The memo further says: “While this option of choice is competent in settling questions around the future of ZBBS, it is important to note that the co-operation of minority shareholders remains imperative.
“Consequently, implementation of the proposed winding up should proceed on a written communication to the regulator, updating on the steps taken under Project Eagle to date and the fact that liquidation is contemplated as an alternative course of action.”
ZBFH also made an undertaking to explore ways of achieving a holistically negotiated settlement as a long-term solution to transaction bottlenecks experienced by the group.
What makes resolution of the dispute between ZB and THL urgent for the former is the need to complete a separate transaction to merge CBZ Holdings and ZBFH, which is presently in the works. By last week, CBZ was still flighting notices to shareholders on the proposed deal.
ZBFH had not responded to questions sent by The Sunday Mail Business on Wednesday by the time of going to print.
On the other hand, Mr Vingirai said he could not comment as he was unaware of the latest development.
Under a project code-named Project Goliath, former ZBFH directors swooped on Intermarket’s assets when it was put under curatorship over allegations of externalisation in what has since been termed by market watchers as the most brazen white-collar financial fraud ever seen in Zimbabwe. However, in October 2012, the RBZ absolved Intermarket of any wrongdoing and ordered the restitution of assets that had been taken by ZBFH.
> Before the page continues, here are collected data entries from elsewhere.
(* f(diam U), with the usual convention f(0) = 0 (f extended by its limit 0). *)
Definition fdiam (R : realType) (f : R -> R) (U : set R) : \bar R :=
  if (0 < diam U)%E then (f (fine (diam U)))%:E else 0%E.

Definition hausdorff_delta (R : realType) (f : R -> R) (delta : R) (E : set R)
  : \bar R :=
  ereal_inf [set (\sum_(k <oo) fdiam f (U k))%E |
     U in [set U : nat -> set R |
       E `<=` \bigcup_k U k /\ forall k, (diam (U k) <= delta%:E)%E]].

(* H^f(E) = lim_{delta -> 0} H^f_delta(E) = sup_{delta > 0} H^f_delta(E) *)
Definition hausdorff_measure (R : realType) (f : R -> R) (E : set R) : \bar R :=
  ereal_sup [set hausdorff_delta f delta E | delta in `]0, +oo[].

From HB Require Import structures.
From mathcomp Require Import all_boot all_order all_algebra.
From mathcomp Require Import all_classical all_reals all_analysis.
From mathcomp Require Import ring lra zify.
Import Order.TTheory GRing.Theory Num.Theory.
Import numFieldNormedType.Exports.
Local Open Scope classical_set_scope.
Local Open Scope ring_scope.

(* Points of C(b,D) whose expansion starts with a given word of i digits lie in
   [c, c + b^-i], c the value of the word, and since every later digit lies in
   [m, b-1-m] they stay at distance at least m/((b-1) b^i) from both endpoints.
   A point of W_{b,A}(psi) is, for infinitely many i = a_n, within
   psi(n) <= psi_A(i) of some p/b^i, hence within psi_A(i) of an endpoint of its
   own level-i interval.  So for every N the sets "cylinder of a word meets the
   psi_A(i)-neighbourhood of one of its endpoints", i >= N, cover W /\ C; at
   level i there are 2 #D^i = 2 b^(i gamma) of them, of diameter at most
   psi_A(i) - m/((b-1) b^i), and the convergent series makes their total f-cost
   arbitrarily small (Hausdorff-Cantelli). *)

Section diameter.
Context {R : realType}.
Implicit Types (U : set R) (f : R -> R).

Lemma diam_le U (L : R) :
  (forall x y, U x -> U y -> `|x - y| <= L) -> (diam U <= L%:E)%E.
Proof.
by move=> UL; apply: ge_ereal_sup => _ [x Ux [y Uy <-]]; rewrite lee_fin UL.
Qed.

Lemma le_diam {U V} : U `<=` V -> (diam U <= diam V)%E.
Proof.
by move=> UV; apply: le_ereal_sup => _ [x /UV Vx [y /UV Vy <-]]; exists x => //; exists y.
Qed.

Lemma diam_set0 (L : R) : (diam set0 <= L%:E)%E.
Proof. by apply: diam_le => x y []. Qed.

Lemma diam_le_itv U (lo hi : R) :
  (forall x, U x -> lo <= x <= hi) -> (diam U <= (hi - lo)%:E)%E.
Proof.
move=> Uitv; apply: diam_le => x y /Uitv/andP[x_ge x_le] /Uitv/andP[y_ge y_le].
by rewrite ler_norml; apply/andP; split; lra.
Qed.

Lemma fdiam_set0 f : fdiam f set0 = 0%E.
Proof. by rewrite /fdiam ltNge (diam_set0 0). Qed.

Lemma fdiam_ge0 {f U} {L : R} : (forall r, 0 < r -> 0 < f r) ->
  (diam U <= L%:E)%E -> (0 <= fdiam f U)%E.
Proof.
move=> f_gt0; rewrite /fdiam; case: ifPn => //.
by case: (diam U) => [r| |] //= r_gt0 _; rewrite lee_fin ltW ?f_gt0 -?lte_fin.
Qed.

Lemma fdiam_le f U (L : R) : 0 < L -> (forall r, 0 < r -> 0 < f r) ->
  {in `]0, +oo[ &, {homo f : x y / x <= y}} ->
  (diam U <= L%:E)%E -> (fdiam f U <= (f L)%:E)%E.
Proof.
move=> L_gt0 f_gt0 f_mono; rewrite /fdiam; case: ifPn => [|_ _].
  case: (diam U) => [r| |] //= r_gt0 rL; rewrite lee_fin.
  by apply: f_mono; rewrite ?in_itv /= ?andbT -?lte_fin -?lee_fin.
by rewrite lee_fin ltW ?f_gt0.
Qed.

Lemma hausdorff_measure_eq0 f (E : set R) : (forall r, 0 < r -> 0 < f r) ->
  (forall delta e : R, 0 < delta -> 0 < e -> exists U : nat -> set R,
    [/\ E `<=` \bigcup_k U k, forall k, (diam (U k) <= delta%:E)%E
      & (\sum_(k <oo) fdiam f (U k) <= e%:E)%E]) ->
  hausdorff_measure f E = 0%E.
Proof.
move=> f_gt0 small_covers.
have Hf_delta_ge0 delta : (0 <= hausdorff_delta f delta E)%E.
  apply: le_ereal_inf_tmp => _ [U [_ U_delta] <-].
  by apply: nneseries_ge0 => k _ _; exact: fdiam_ge0 (U_delta k).
apply/eqP; rewrite /hausdorff_measure eq_le; apply/andP; split; last first.
  apply: le_trans (Hf_delta_ge0 1) _; apply: ereal_sup_ubound.
  by exists 1; rewrite //= in_itv /= ltr01.
apply: ge_ereal_sup => _ [delta delta_pos <-].
have delta_gt0 : 0 < delta by move: delta_pos; rewrite /= in_itv /= andbT.
apply/lee_addgt0Pr => e e_gt0; rewrite add0e.
have [U [EU U_delta U_sum]] := small_covers delta e delta_gt0 e_gt0.
by apply: le_trans U_sum; apply: ereal_inf_lbound; exists U.
Qed.

End diameter.

Section enumerate_levels.
Context {T : Type} {I : nat -> finType} (V : forall i, I i -> set T).

Let level i : seq (set T) := set0 :: [seq V i x | x <- enum (I i)].
Let prefix n := flatten [seq level i | i <- iota 0 n].

(* The leading [set0] of each level makes [prefix n] have length at least [n],
   so that the [k]-th entry is already fixed in [prefix k.+1]. *)
Definition enum_levels k := nth set0 (prefix k.+1) k.

Let prefixD n p :
  prefix (n + p) = prefix n ++ flatten [seq level i | i <- iota n p].
Proof. by rewrite /prefix iotaD map_cat flatten_cat. Qed.

Let prefixS n : prefix n.+1 = prefix n ++ level n.
Proof. by rewrite -addn1 prefixD /= cats0. Qed.

Let size_prefix n : (n <= size (prefix n))%N.
Proof.
elim: n => [|n IHn] //; rewrite prefixS size_cat /= addnS ltnS.
exact: leq_trans IHn (leq_addr _ _).
Qed.

Let nth_prefix_le n n' k : (n <= n')%N -> (k < size (prefix n))%N ->
  nth set0 (prefix n') k = nth set0 (prefix n) k.
Proof.
by move=> /subnKC <- k_lt; rewrite prefixD nth_cat k_lt.
Qed.

Let enum_levels_prefix n k : (k < size (prefix n))%N ->
  enum_levels k = nth set0 (prefix n) k.
Proof.
move=> k_lt; rewrite /enum_levels; case: (leqP k.+1 n) => [kn|nk].
  by rewrite (nth_prefix_le _ _ _ kn) // (leq_trans _ (size_prefix k.+1)).
by rewrite (nth_prefix_le _ _ _ (ltnW nk) k_lt).
Qed.

Let nth_prefix_ind (P : set T -> Prop) : P set0 -> (forall i x, P (V i x)) ->
  forall n k, P (nth set0 (prefix n) k).
Proof.
move=> P0 PV; elim=> [|n IHn] k; first by rewrite nth_nil.
rewrite prefixS nth_cat; case: ifP => _; first exact: IHn.
case: (k - _)%N => [|j] //=.
case: (ltnP j (size (enum (I n)))) => [|j_ge]; last by rewrite nth_default // size_map.
by case: (enum (I n)) => // x0 s j_lt; rewrite (nth_map x0).
Qed.

Lemma enum_levels_ind (P : set T -> Prop) : P set0 -> (forall i x, P (V i x)) ->
  forall k, P (enum_levels k).
Proof. by move=> P0 PV k; exact: nth_prefix_ind. Qed.

Lemma enum_levels_hit i x : exists k, enum_levels k = V i x.
Proof.
have x_enum : x \in enum (I i) by rewrite mem_enum.
exists (size (prefix i) + (index x (enum (I i))).+1)%N.
rewrite (@enum_levels_prefix i.+1); last first.
  by rewrite prefixS size_cat ltn_add2l /= ltnS size_map index_mem.
by rewrite prefixS nth_cat ltnNge leq_addr /= addKn /= (nth_map x) ?index_mem ?nth_index.
Qed.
This culminated in the 2016 Government-brokered Settlement Agreement, through which Mr Vingirai’s THL was supposed to get 33 percent in the banking group.
However, only 22 percent had been transferred by August 2020.
While the remaining stake was expected to be settled through the transfer of part of the 37,8 percent shares held by NSSA in ZBFH, the envisaged transaction fell through after the shares were somehow transferred to Datvest Nominees.
Sources say after inordinate delays and failure to consummate the Settlement Agreement, THL is amenable to the separation of Intermarket and ZB.
In fact, in 2017, the parties unanimously agreed to separate the two banking groups.
RBZ subsequently appointed accounting firm Grant Thornton to facilitate the
But faced with the inherent prohibitive costs of the process, the RBZ persuaded THL to take up the 33 percent stake from a possible 38 percent as spelt out in the Settlement Agreement.
There are, however, concerns that assets belonging to ZB Building Society and Intermarket Banking Corporation have been progressively “co-mingled and subsumed” by ZBFH, raising fears that separating the assets would be increasingly difficult, if not impossible.
As at December 31, 2014, Intermarket Building Society’s core capital stood at US$15,6 million compared with ZB Bank Limited’s US$9,6 million.
It is, therefore, believed that separation of ZB assets from IHL would leave the former poorer.
In August 2005, RBZ-appointed curator Mr Ngoni Kudenga reported that as at August 31, 2005, after debt conversion, the bank (Intermarket Banking Corporation Ltd) and the Discount House were solvent, with net asset positions of Z$68,9 billion and Z$105,5 billion and net liquidity positions of Z$22,3 billion and Z$96,1 billion, respectively.
But, curiously, ZBFH proceeded to surrender the licence of the Discount House to RBZ and subsequently transferred the $175 billion “net assets” — of which $118 billion was cash — to ZBFH.